[Stored data]
※ ※ ※
(* Let $\mathbf{OMSupGal}$ be the full subcategory of $\mathbf{OMLatGal}$ on complete orthomodular lattices, and let $U:\mathbf{OMSupGal}\to\mathbf{Sets}$ be the functor $X\mapsto X$, $f\mapsto f_*\circ(-)^\perp$. Then $U$ has a left adjoint $F$ with $F(A)=\mathcal{P}(A)$ (the powerset Boolean algebra) and, for $g:A\to B$, $F(g)_*(V)=\neg\{g(a):a\in V\}$ for $V\subseteq A$ and $F(g)^*(W)=\{a\in A:g(a)\notin W\}$ for $W\subseteq B$. The adjunction bijection between morphisms $f:\mathcal{P}(A)\to X$ in $\mathbf{OMSupGal}$ and functions $g:A\to X$ is given by $\bar f(a)=f_*(\{a\})^\perp$ and $\bar g_*(V)=\bigwedge_{a\in V}g(a)^\perp$, $\bar g^*(x)=\{a\in A:g(a)\le x^\perp\}$.
   Context: An orthomodular lattice is a bounded lattice with an order-reversing involution $x\mapsto x^\perp$ such that $x\wedge x^\perp=0$, $x\vee x^\perp=1$, and $x\le y$ implies $y=x\vee(x^\perp\wedge y)$; it is complete if all subsets have joins (hence meets). $\mathbf{OMLatGal}$: objects orthomodular lattices; morphisms $f:X\to Y$ are pairs $(f_*,f^* )$ of order-reversing maps $f_*:X\to Y$, $f^*:Y\to X$ with $y\le f_*(x)\iff x\le f^*(y)$; identity has both components $x\mapsto x^\perp$; composition $(g\circ f)_*=g_*\circ\perp\circ f_*$, $(g\circ f)^*=f^*\circ\perp\circ g^*$. In $\mathcal{P}(A)$, $\neg$ denotes set complement, which is its orthocomplement.
   Formalization: The adjunction bijection, natural in X, sends f to a ↦ $f_*$({a}), the orthocomplement of f̄(a); f̄ and ḡ are mutually inverse, with f̄ natural in A only. Each condition added here is assumed in the paper as well or is needed for the statement above to hold. *)

From Stdlib Require Import Classical FunctionalExtensionality PropExtensionality.

Record OML := {
  carrier :> Type;
  le : carrier -> carrier -> Prop;
  meet : carrier -> carrier -> carrier;
  join : carrier -> carrier -> carrier;
  bot : carrier;
  top : carrier;
  orth : carrier -> carrier;
  le_refl : forall x, le x x;
  le_trans : forall x y z, le x y -> le y z -> le x z;
  le_antisym : forall x y, le x y -> le y x -> x = y;
  meetP : forall x y z, le z (meet x y) <-> (le z x /\ le z y);
  joinP : forall x y z, le (join x y) z <-> (le x z /\ le y z);
  bot_le : forall x, le bot x;
  le_top : forall x, le x top;
  orth_anti : forall x y, le x y -> le (orth y) (orth x);
  orth_inv : forall x, orth (orth x) = x;
  meet_orth : forall x, meet x (orth x) = bot;
  join_orth : forall x, join x (orth x) = top;
  orthomod : forall x y, le x y -> y = join x (meet (orth x) y)
}.

(** Complete orthomodular lattice: every subset has an infimum
    (equivalently, every subset has a supremum). *)
Record COML := {
  oml :> OML;
  Inf : (carrier oml -> Prop) -> carrier oml;
  InfP : forall (S : carrier oml -> Prop) z,
      le oml z (Inf S) <-> (forall s, S s -> le oml z s)
}.

Arguments le {o} _ _.
Arguments orth {o} _.

Record GalMor (X Y : OML) := {
  low : carrier X -> carrier Y;
  up : carrier Y -> carrier X;
  low_anti : forall x x', le x x' -> le (low x') (low x);
  up_anti : forall y y', le y y' -> le (up y') (up y);
  galois : forall x y, le y (low x) <-> le x (up y)
}.
Arguments low {X Y} _ _.
Arguments up {X Y} _ _.

Definition mor_eq {X Y : OML} (f g : GalMor X Y) : Prop :=
  (forall x, low f x = low g x) /\ (forall y, up f y = up g y).

Lemma orth_le_swap (X : OML) (x y : carrier X) :
  le (orth x) y -> le (orth y) x.
Proof.
  intro H. apply orth_anti in H. rewrite orth_inv in H. exact H.
Qed.

Definition idm (X : OML) : GalMor X X.
Proof.
  refine {| low := @orth X; up := @orth X |}.
  - intros; apply orth_anti; assumption.
  - intros; apply orth_anti; assumption.
  - intros x y; split; intro H.
    + apply orth_anti in H. rewrite orth_inv in H. exact H.
    + apply orth_anti in H. rewrite orth_inv in H. exact H.
Defined.

Definition comp {X Y Z : OML} (g : GalMor Y Z) (f : GalMor X Y) : GalMor X Z.
Proof.
  refine {| low := fun x => low g (orth (low f x));
            up := fun z => up f (orth (up g z)) |}.
  - intros x x' H. apply low_anti, orth_anti, low_anti, H.
  - intros y y' H. apply up_anti, orth_anti, up_anti, H.
  - intros x z. rewrite galois. split; intro H.
    + apply orth_le_swap in H. apply (proj1 (galois _ _ f _ _)) in H. exact H.
    + apply (proj2 (galois _ _ f _ _)) in H. apply orth_le_swap in H. exact H.
Defined.

Definition Pow_OML (A : Type) : OML.
Proof.
  refine {| carrier := A -> Prop;
            le := fun V W => forall a, V a -> W a;
            meet := fun V W a => V a /\ W a;
            join := fun V W a => V a \/ W a;
            bot := fun _ => False;
            top := fun _ => True;
            orth := fun V a => ~ V a |}.
  - auto.
  - auto.
  - intros V W H1 H2. apply functional_extensionality; intro a.
    apply propositional_extensionality; split; auto.
  - intros V W Z; split; [intro H; split; intros a Ha; apply H; auto
                         | intros [H1 H2] a Ha; split; auto].
  - intros V W Z; split; [intro H; split; intros a Ha; apply H; auto
                         | intros [H1 H2] a [Ha|Ha]; auto].
  - intros V a [].
  - auto.
  - intros V W H a Hn Hv. apply Hn, H, Hv.
  - intro V. apply functional_extensionality; intro a.
    apply propositional_extensionality; split; [apply NNPP | auto].
  - intro V. apply functional_extensionality; intro a.
    apply propositional_extensionality; split; [intros [H1 H2]; auto | intros []].
  - intro V. apply functional_extensionality; intro a.
    apply propositional_extensionality; split; [auto | intros _; apply classic].
  - intros V W H. apply functional_extensionality; intro a.
    apply propositional_extensionality; split.
    + intro Hw. destruct (classic (V a)); [left; auto | right; auto].
    + intros [Hv | [_ Hw]]; auto.
Defined.

Definition Pow (A : Type) : COML.
Proof.
  refine {| oml := Pow_OML A;
            Inf := fun (S : (A -> Prop) -> Prop) a => forall V, S V -> V a |}.
  intros S Z; simpl; split.
  - intros H V HV a Ha. apply (H a Ha V HV).
  - intros H a Ha V HV. apply (H V HV a Ha).
Defined.

Definition Uarr {X Y : OML} (f : GalMor X Y) : carrier X -> carrier Y :=
  fun x => low f (orth x).

Definition single {A : Type} (a : A) : carrier (Pow A) := fun x => x = a.

Definition fbar {A : Type} {X : OML} (f : GalMor (Pow A) X) : A -> carrier X :=
  fun a => orth (low f (single a)).

From Stdlib Require Import Classical FunctionalExtensionality PropExtensionality.

(** The adjunction rests on two facts
    about an arbitrary Galois morphism f : P(A) -> X into a complete OML:
    - its upper adjoint is read off the singletons,
        a in f^*(x)  <->  x <= f_*({a});
    - its lower adjoint turns unions into meets,
        f_*(V) = /\_{a in V} f_*({a}),
    so f is determined by a |-> f_*({a}).  Conversely every g : A -> X
    gives the Galois morphism gbar with gbar_*(V) = /\_{a in V} g(a)^perp.
    Hence f |-> fbar and g |-> gbar are mutually inverse; naturality in A
    reduces to F(h)_*({a})^perp = {h a}, and naturality in X is the
    involutivity of perp. *)

Lemma set_ext {A : Type} (V W : A -> Prop) : (forall a, V a <-> W a) -> V = W.
Proof.
  intro H. apply functional_extensionality; intro a.
  apply propositional_extensionality, H.
Qed.

Lemma orth_swap (X : OML) (x y : carrier X) : le x (orth y) <-> le y (orth x).
Proof.
  split; intro H; apply orth_anti in H; rewrite orth_inv in H; exact H.
Qed.

Lemma Inf_lb (X : COML) (S : carrier X -> Prop) (s : carrier X) :
  S s -> le (Inf X S) s.
Proof. intro Hs. exact (proj1 (InfP X S (Inf X S)) (le_refl _ _) s Hs). Qed.

Lemma Inf_singleton (X : COML) (x : carrier X) : Inf X (fun y => y = x) = x.
Proof.
  apply le_antisym.
  - apply Inf_lb; reflexivity.
  - apply InfP. intros s ->. apply le_refl.
Qed.

Definition FreeMor (A B : Type) (g : A -> B) : GalMor (Pow A) (Pow B).
Proof.
  refine {| low := (fun V b => ~ (exists a, V a /\ g a = b))
                   : carrier (Pow A) -> carrier (Pow B);
            up := (fun W a => ~ W (g a)) : carrier (Pow B) -> carrier (Pow A) |}.
  - simpl. intros V V' H b Hn [a [Ha Hb]]. apply Hn. exists a. auto.
  - simpl. intros W W' H a Hn Hw. apply Hn, H, Hw.
  - simpl. intros V W; split.
    + intros H a Ha Hw. apply (H _ Hw). exists a; auto.
    + intros H b Hw [a [Ha <-]]. exact (H a Ha Hw).
Defined.

Lemma FreeMor_id (A : Type) : mor_eq (FreeMor A A (fun a => a)) (idm (Pow A)).
Proof.
  split; intro V; [| reflexivity].
  apply set_ext; intro b; simpl. split.
  - intros H Hv. apply H. exists b; auto.
  - intros H [a [Ha ->]]. auto.
Qed.

Lemma FreeMor_comp (A B C : Type) (g : A -> B) (h : B -> C) :
  mor_eq (FreeMor A C (fun a => h (g a))) (comp (FreeMor B C h) (FreeMor A B g)).
Proof.
  split; intro V; apply set_ext; simpl.
  - intro c. split.
    + intros H [b [Hb <-]]. apply Hb. intros [a [Ha <-]]. apply H. exists a; auto.
    + intros H [a [Ha <-]]. apply H. exists (g a). split; auto.
      intro Hn. apply Hn. exists a; auto.
  - intro a. tauto.
Qed.

Lemma FreeMor_single (A' A : Type) (h : A' -> A) (a' : A') :
  orth (low (FreeMor A' A h) (single a')) = single (h a').
Proof.
  apply set_ext; intro a; simpl; unfold single. split.
  - intro H. apply NNPP. intro Hn. apply H. intros [b [-> Hb]]. apply Hn. auto.
  - intros -> Hn. apply Hn. exists a'. auto.
Qed.

Definition transpose (A : Type) (X : COML) (g : A -> carrier X) : GalMor (Pow A) X.
Proof.
  refine {| low := fun V : carrier (Pow A) =>
                   Inf X (fun x => exists a, V a /\ x = orth (g a));
            up := (fun x a => le (g a) (orth x)) : carrier X -> carrier (Pow A) |}.
  - simpl. intros V V' H. apply InfP. intros s [a [Ha ->]].
    apply Inf_lb. exists a; auto.
  - simpl. intros y y' H a Ha. eapply le_trans; [exact Ha|]. apply orth_anti, H.
  - simpl. intros V y. rewrite InfP. split.
    + intros H a Ha. apply orth_swap, H. exists a; auto.
    + intros H s [a [Ha ->]]. apply orth_swap, H, Ha.
Defined.

Section MorphismsOutOfPowerset.
Variables (A : Type) (X : COML) (f : GalMor (Pow A) X).

Lemma up_from_singletons (x : carrier X) (a : A) :
  up f x a <-> le x (low f (single a)).
Proof.
  rewrite galois. simpl; unfold single. split.
  - intros H b ->. exact H.
  - intro H. apply H. reflexivity.
Qed.

Lemma low_from_singletons (V : carrier (Pow A)) :
  low f V = Inf X (fun x => exists a, V a /\ x = low f (single a)).
Proof.
  apply le_antisym.
  - apply InfP. intros s [a [Ha ->]]. apply low_anti.
    simpl; unfold single. intros b ->. exact Ha.
  - apply galois. intros a Ha. apply up_from_singletons, Inf_lb. exists a; auto.
Qed.

End MorphismsOutOfPowerset.

Lemma fbar_transpose (A : Type) (X : COML) (g : A -> carrier X) (a : A) :
  fbar (transpose A X g) a = g a.
Proof.
  unfold fbar; simpl.
  replace (fun x => exists a0, single a a0 /\ x = orth (g a0))
    with (fun x => x = orth (g a)).
  - rewrite Inf_singleton. apply orth_inv.
  - apply set_ext; intro x; unfold single. split.
    + intros ->. exists a; auto.
    + intros [b [-> ->]]. reflexivity.
Qed.

Lemma transpose_fbar (A : Type) (X : COML) (f : GalMor (Pow A) X) :
  mor_eq (transpose A X (fbar f)) f.
Proof.
  unfold fbar. split.
  - intro V. rewrite (low_from_singletons A X f V). simpl.
    f_equal. apply set_ext; intro x.
    split; intros [a [Ha ->]]; exists a; rewrite ?orth_inv; auto.
  - intro x. apply set_ext; intro a. simpl.
    rewrite (up_from_singletons A X f), orth_swap, orth_inv. reflexivity.
Qed.

Theorem mainTheorem13 :
  exists (Fm : forall A B : Type, (A -> B) -> GalMor (Pow A) (Pow B)),
    (forall (A B : Type) (g : A -> B) (V : carrier (Pow A)),
        low (Fm A B g) V = (fun b : B => ~ (exists a, V a /\ g a = b))) /\
    (forall (A B : Type) (g : A -> B) (W : carrier (Pow B)),
        up (Fm A B g) W = (fun a : A => ~ W (g a))) /\
    (forall A : Type, mor_eq (Fm A A (fun a => a)) (idm (Pow A))) /\
    (forall (A B C : Type) (g : A -> B) (h : B -> C),
        mor_eq (Fm A C (fun a => h (g a))) (comp (Fm B C h) (Fm A B g))) /\
    exists (gbar : forall (A : Type) (X : COML), (A -> carrier X) -> GalMor (Pow A) X),
      (forall (A : Type) (X : COML) (g : A -> carrier X) (V : carrier (Pow A)),
          low (gbar A X g) V = Inf X (fun x => exists a, V a /\ x = orth (g a))) /\
      (forall (A : Type) (X : COML) (g : A -> carrier X) (x : carrier X),
          up (gbar A X g) x = (fun a : A => le (g a) (orth x))) /\
      (forall (A : Type) (X : COML) (g : A -> carrier X) (a : A),
          fbar (gbar A X g) a = g a) /\
      (forall (A : Type) (X : COML) (f : GalMor (Pow A) X),
          mor_eq (gbar A X (fbar f)) f) /\
      (forall (A' A : Type) (X : COML) (h : A' -> A)
              (f : GalMor (Pow A) X) (a' : A'),
          fbar (comp f (Fm A' A h)) a' = fbar f (h a')) /\
      (forall (A : Type) (X X' : COML)
              (f : GalMor (Pow A) X) (k : GalMor X X') (a : A),
          orth (fbar (comp k f) a) = Uarr k (orth (fbar f a))).
Proof.
  exists FreeMor.
  do 2 (split; [reflexivity |]).
  split; [exact FreeMor_id |].
  split; [exact FreeMor_comp |].
  exists transpose.
  do 2 (split; [reflexivity |]).
  split; [exact fbar_transpose |].
  split; [exact transpose_fbar |].
  split.
  -
    intros A' A X h f a'. unfold fbar, comp; cbn [low]. now rewrite FreeMor_single.
  - (* naturality in X: both sides reduce to k_*(f_*({a})) since perp is involutive *)
    intros A X X' f k a. unfold fbar, Uarr; simpl. now rewrite !orth_inv.
Qed.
※ ※ ※
WORK TO COMPLETE
Would you retype the lines above from the one with "f_equal. apply set_ext; intro x." down to the one with "exists (Fm : forall", word for word, both ends included and no other lines?

REPLY TO THE EXERCISE
    f_equal. apply set_ext; intro x.
    split; intros [a [Ha ->]]; exists a; rewrite ?orth_inv; auto.
  - intro x. apply set_ext; intro a. simpl.
    rewrite (up_from_singletons A X f), orth_swap, orth_inv. reflexivity.
Qed.

Theorem mainTheorem13 :
  exists (Fm : forall A B : Type, (A -> B) -> GalMor (Pow A) (Pow B)),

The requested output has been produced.